For example, testing new drivers over six platforms (CPU/motherboard combinations) would mean: six platforms, four games, seven different GPU configurations, ~10 minutes per test plus 2+ hours to set up each platform and install a new OS/drivers/set up benchmarks. That makes 40+ hours of solid testing (if all goes without a second lost here or there), or just over a full working week – more if I also test the CPU performance for a computational benchmark update, or exponentially more if I include multiple resolutions and setting options.

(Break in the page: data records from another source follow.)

(* The interval contains the final segment of the copy over m1 above l1 and the
   initial segment of the copy over m2 below l2; with [l2, l1] these cover L. *)
Lemma countable_of_csim_lex m1 l1 m2 l2 :
  rM m1 m2 -> csim lex (m1, l1) (m2, l2) -> countable_type L.
Proof.
move=> Hm Hc.
have copy_countable m :
    countable_set (fun l => closed_between lex (m1, l1) (m2, l2) (m, l)).
  by apply: (countable_preimage (fun l => (m, l)) Hc) => // a b _ _ [].
apply: (countable_sub (countable_union (copy_countable m1)
          (countable_union (copy_countable m2) (lcL l2 l1)))) => l _.
case: (le_of_total linL l1 l) => H1.
  by left; left; split; [apply: le_of_lex_snd | left; left].
case: (le_of_total linL l l2) => H2; last by right; right; left.
by right; left; left; split; [left; left | apply: le_of_lex_snd].
Qed.

Lemma csim_lex_of_countable p q : countable_type L -> csim lex p q.
Proof.
move=> cntL; apply: countable_sub (countable_prod (lcM p.1 q.1) cntL) _.
by move=> z /closed_between_lex_fst.
Qed.

Lemma csim_lex p q : csim lex p q <-> p.1 = q.1 \/ countable_type L.
Proof.
case: p q => [m1 l1] [m2 l2]; split => /=.
- move=> Hc; case: (classic (m1 = m2)) => E; [by left | right].
  case: (linM.2.2 m1 m2) => [H|[//|H]]; first exact: countable_of_csim_lex H Hc.
  exact: countable_of_csim_lex H (csim_sym Hc).
- by case=> [->|cntL]; [apply: csim_lex_same_fst | apply: csim_lex_of_countable].
Qed.

Lemma apart_lex p q : apart_lt lex p q <-> rM p.1 q.1 /\ ~ countable_type L.
Proof.
rewrite /apart_lt csim_lex; split.
- case=> -[H|[E _]] Hn; last by case: Hn; left.
  by split => // cntL; apply: Hn; right.
- case=> H cntL; split; first by left.
  by case=> [E|//]; rewrite E in H; apply: linM.1 H.
Qed.

Lemma comega_lt_iff C D :
  comega_lt rM rL C D <-> rM (cond_rep C).1 (cond_rep D).1 /\ ~ countable_type L.
Proof.
have linML := lex_linear linM linL.
by rewrite /comega_lt (cond_lt_apart linML (cond_rep_mem linML C) (cond_rep_mem linML D))
  apart_lex.
Qed.

Lemma cond_rep_fst_inj (C D : cond_car lex) : (cond_rep C).1 = (cond_rep D).1 -> C = D.
Proof.
have linML := lex_linear linM linL.
by move=> E; apply: (cond_eq linML (cond_rep_mem linML C) (cond_rep_mem linML D));
  apply/csim_lex; left.
Qed.

Lemma comega_locally_countable : locally_countable (comega_lt rM rL).
Proof.
move=> C D.
apply: (countable_preimage (fun E => (cond_rep E).1) (lcM (cond_rep C).1 (cond_rep D).1)).
  have le_fst E F : le_of (comega_lt rM rL) E F -> le_of rM (cond_rep E).1 (cond_rep F).1.
    by case=> [/comega_lt_iff [H _]|->]; [left|right].
  by move=> E [] [H1 H2]; [left|right]; split; apply: le_fst.
by move=> E F _ _; apply: cond_rep_fst_inj.
Qed.

Lemma countable_comega :
  countable_type (cond_car lex) <-> countable_type M \/ countable_type L.
Proof.
have linML := lex_linear linM linL.
split.
- move=> cntML; case: (classic (countable_type L)) => cntL; [by right | left].
  case: (uncountable_inhabited cntL) => l0.
  apply: (countable_preimage (fun m => cond_cls (m, l0)) cntML) => // a b _ _ E.
  have := cond_cls_mem linML (b, l0); rewrite -E => /csim_lex [//|].
  by move/cntL.
- case=> cnt.
    by apply: (countable_preimage (fun E => (cond_rep E).1) cnt) => // E F _ _;
      apply: cond_rep_fst_inj.
  exists (fun _ => 0) => C D _ _ _.
  apply: (cond_eq linML (cond_rep_mem linML C) (cond_rep_mem linML D)).
  exact: csim_lex_of_countable.
Qed.

End LexProduct.

Lemma comega_embeds {M L T : Type} {rM : M -> M -> Prop} {rL : L -> L -> Prop}
    {rT : T -> T -> Prop} (t0 : T) :
  linear rM -> linear rL -> locally_countable rM -> locally_countable rL ->
  (forall t, ~ rT t t) -> embeds rM rT -> embeds (comega_lt rM rL) rT.
Proof.
move=> linM linL lcM lcL irrT [f f_emb].
case: (classic (countable_type L)) => cntL.
  exists (fun _ => t0) => C D; rewrite comega_lt_iff //.
  by split=> [[_ []] // | /irrT].
exists (fun C => f (cond_rep C).1) => C D.
by rewrite comega_lt_iff // -f_emb; split=> [[]|].
Qed.

Lemma comega_assoc {M L K : Type}
    {rM : M -> M -> Prop} {rL : L -> L -> Prop} {rK : K -> K -> Prop} :
  linear rM -> linear rL -> linear rK ->
  locally_countable rM -> locally_countable rL -> locally_countable rK ->
  order_iso (comega_lt (comega_lt rM rL) rK) (comega_lt rM (comega_lt rL rK)).
Proof.
move=> linM linL linK lcM lcL lcK.
have linA : linear (comega_lt rM rL) := cond_linear (lex_linear linM linL).
have linB : linear (comega_lt rL rK) := cond_linear (lex_linear linL linK).
have lcA : locally_countable (comega_lt rM rL) by apply: comega_locally_countable.
have lcB : locally_countable (comega_lt rL rK) by apply: comega_locally_countable.
have cntB : countable_type (cond_car (lex_lt rL rK)) <->
            countable_type L \/ countable_type K by apply: countable_comega.
(* ([m, l], k) is sent to (m, [l, k]). *)
apply: (order_iso_cond _ _
  (fun x => ((cond_rep x.1).1, cond_cls ((cond_rep x.1).2, x.2)))
  (lex_linear linA linK) (lex_linear linM linB)).
- move=> [m D]; exists (cond_cls (m, (cond_rep D).1), (cond_rep D).2).
  apply/(csim_lex linM linB lcM lcB) => /=.
  have linML := lex_linear linM linL.
  have := cond_mem_csim linML (cond_rep_mem linML _)
            (cond_cls_mem linML (m, (cond_rep D).1)).
  by case/(csim_lex linM linL lcM lcL) => [->|cntL]; [left | right; apply/cntB; left].
- move=> x y; rewrite (apart_lex linA linK lcA lcK) (apart_lex linM linB lcM lcB).
  rewrite (comega_lt_iff linM linL lcM lcL) /= cntB.
  by tauto.
Qed.

Lemma locally_countable_embeds {S T : Type} {rS : S -> S -> Prop} {rT : T -> T -> Prop} :
  linear rS -> (forall t, ~ rT t t) -> locally_countable rT -> embeds rS rT ->
  locally_countable rS.
Proof.
move=> [_ [_ totS]] irrT lcT [f f_emb] x y.
have f_inj a b : f a = f b -> a = b.
  move=> E; case: (totS a b) => [H|[//|H]].
  - by move/f_emb: H; rewrite E => /irrT.
  - by move/f_emb: H; rewrite E => /irrT.
have f_le a b : le_of rS a b -> le_of rT (f a) (f b).
  by case=> [/f_emb|->]; [left|right].
apply: (countable_preimage f (lcT (f x) (f y))) => [z|a b _ _ /f_inj //].
by case=> -[H1 H2]; [left|right]; split; apply: f_le.
Qed.

Section LocallyCountableU.
Context {W : Type} {wlt : W -> W -> Prop}.
Hypothesis linW : linear wlt.

Definition U_below (w : W) (u : U_car W) : Prop :=
  match u with
  | inl p | inr (inr p) => le_of wlt p.1 w
  | inr (inl _) => True
  end.

Lemma U_below_countable w :
  (forall v, countable_set (fun v' => wlt v' v)) -> countable_set (U_below w).
Proof.
move=> segW.
have cnt_R : countable_set (fun p : R_car W => le_of wlt p.1 w /\ True).
  exact: (countable_prod (countable_union (segW w) (countable_set1 w))
                         (countable_countType _ (fun _ : option rat => True))).
have cnt_Q : countable_set (fun _ : rat => True) by apply: countable_countType.
by apply: (countable_sub (countable_sum cnt_R (countable_sum cnt_Q cnt_R))) => -[p|[q|p]].
Qed.

Lemma U_below_mono w w' u : le_of wlt w w' -> U_below w u -> U_below w' u.
Proof.
by move=> Hww'; case: u => [p|[q|p]] //= Hp; apply: (le_of_trans linW Hp Hww').
Qed.

Lemma U_below_convex w x y z : U_below w x -> U_below w y ->
  le_of (U_lt wlt) x z -> le_of (U_lt wlt) z y -> U_below w z.
Proof.
move=> Hx Hy Hxz Hzy; case: z Hxz Hzy => [p|[q|p]] Hxz Hzy //=.
- case: Hxz => [Hlt|Ex]; last by subst x.
  case: x Hx Hlt => [p'|[q'|p']] //= Hx Hlt.
  exact: (le_of_trans linW (le_of_lex_fst (or_introl Hlt)) Hx).
- case: Hzy => [Hlt|Ey]; last by subst y.
  case: y Hy Hlt => [p'|[q'|p']] //= Hy Hlt.
  exact: (le_of_trans linW (le_of_lex_fst (or_introl Hlt)) Hy).
Qed.

Lemma U_locally_countable : is_omega1 W wlt -> locally_countable (U_lt wlt).
Proof.
move=> [_ [_ [uncW segW]]] x y.
case: (uncountable_inhabited uncW) => w0.
have below_some u : exists w, U_below w u.
  by case: u => [[v o]|[q|[v o]]]; [exists v; right | exists w0 | exists v; right].
have [w [Hx Hy]] : exists w, U_below w x /\ U_below w y.
  case: (below_some x) (below_some y) => wx Hx [wy Hy].
  case: (le_of_total linW wx wy) => Hw.
    by exists wy; split => //; apply: U_below_mono Hw Hx.
  by exists wx; split => //; apply: U_below_mono Hw Hy.
apply: (countable_sub (U_below_countable w segW)) => z [] [H1 H2].
  exact: U_below_convex Hx Hy H1 H2.
exact: U_below_convex Hy Hx H1 H2.
Qed.

End LocallyCountableU.

Lemma rat_lt_irrefl (a : rat) : ~ rat_lt a a.
Proof. by rewrite /rat_lt Order.POrderTheory.ltxx. Qed.

Lemma U_irreflexive {W : Type} {wlt : W -> W -> Prop} :
  (forall w, ~ wlt w w) -> forall u, ~ U_lt wlt u u.
Proof.
have irrR (p : R_car W) : (forall w, ~ wlt w w) -> ~ R_lt wlt p p.
  by move=> irrW [/irrW|[_]] //; case: p.2 => [a|] //; apply: rat_lt_irrefl.
by move=> irrW [p|[q|p]]; [apply: irrR | apply: rat_lt_irrefl | apply: irrR].
Qed.

Theorem theorem5p4 :
  forall (W : Type) (wlt : W -> W -> Prop), is_omega1 W wlt ->
  (forall (M : Type) (rM : M -> M -> Prop) (L : Type) (rL : L -> L -> Prop),
     linear rM -> linear rL -> embeds rM (U_lt wlt) -> embeds rL (U_lt wlt) ->
     embeds (comega_lt rM rL) (U_lt wlt)) /\
  (forall (M : Type) (rM : M -> M -> Prop) (L : Type) (rL : L -> L -> Prop)
          (K : Type) (rK : K -> K -> Prop),
     linear rM -> linear rL -> linear rK ->
     embeds rM (U_lt wlt) -> embeds rL (U_lt wlt) -> embeds rK (U_lt wlt) ->
     order_iso (comega_lt (comega_lt rM rL) rK) (comega_lt rM (comega_lt rL rK))).
Proof.
move=> W wlt omega1W.
have irrU : forall u, ~ U_lt wlt u u by apply: U_irreflexive; case: omega1W => -[].
have lcU := U_locally_countable omega1W.1 omega1W.
have lc_of X (rX : X -> X -> Prop) :
    linear rX -> embeds rX (U_lt wlt) -> locally_countable rX.
  by move=> linX; apply: locally_countable_embeds linX irrU lcU.
split.
- move=> M rM L rL linM linL eM eL.
  by apply: (comega_embeds (inr (inl 0%R))) => //; apply: lc_of.
- move=> M rM L rL K rK linM linL linK eM eL eK.
  by apply: comega_assoc => //; apply: lc_of.
Qed.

If this is all that is worked on that week, it means no new content – so it happens rarely, perhaps once a year or before a big launch. This time was now, and when I started this testing, I was moving to Catalyst 13.1 and GeForce 310.90, which by the time this review goes live will have already been superseded! In reality, I have been slowly working on this data set for the best part of 10 weeks while also reviewing other hardware (but keeping those reviews with consistent driver comparisons). In total this review encapsulates 24 different CPU setups, with up to 6 different GPU configurations, meaning 430 data points, 1375 benchmark loops and over 51 hours in just GPU benchmarks alone, without considering setup time or driver issues.

What Does the CPU do in a Game?

A lot of game developers use customized versions of game engines, such as the EGO engine for driving games or the Unreal engine. The engine provides the underpinnings for a lot of the code, and the optimizations therein. The engine also decides what in the game gets offloaded onto the GPU.

Imagine the code that makes up the game as a linear sequence of events. In order to go through the game quickly, we need the fastest single core processor available. Of course, games are not like this – lots of the game can be parallelized, such as vector calculations for graphics. These were of course the first to be moved from CPU to the GPU. Over time, more parts of the code have made the move – physics and compute being the main features in recent months and years.

The GPU is good at independent, simple tasks – calculating which color is in which pixel is an example of this, along with addition processing and post-processing features (FXAA and so on). If a task is linear, it lives on the CPU, such as loading textures into memory or negotiating which data to transfer between the memory and the GPUs. The CPU also takes control of independent complex tasks, as the CPU is the one that can make complicated logic analysis.

Very few parts of a game come under this heading of ‘independent yet complex’. Anything suitable for the GPU but not ported over will be here, and the big one usually quoted is artificial intelligence. Deciding where an NPC is going to run, shoot or fly could be considered a very complex set of calculations, ideal for fast CPUs. The counter argument is that games have had complex AI for years – the number of times I personally was destroyed by a Dark Sim on Perfect Dark on the N64 is testament to either my uselessness or the fact that complex AI can be configured with not much CPU power. AI is unlikely to be a limiting factor in frame rates due to CPU usage.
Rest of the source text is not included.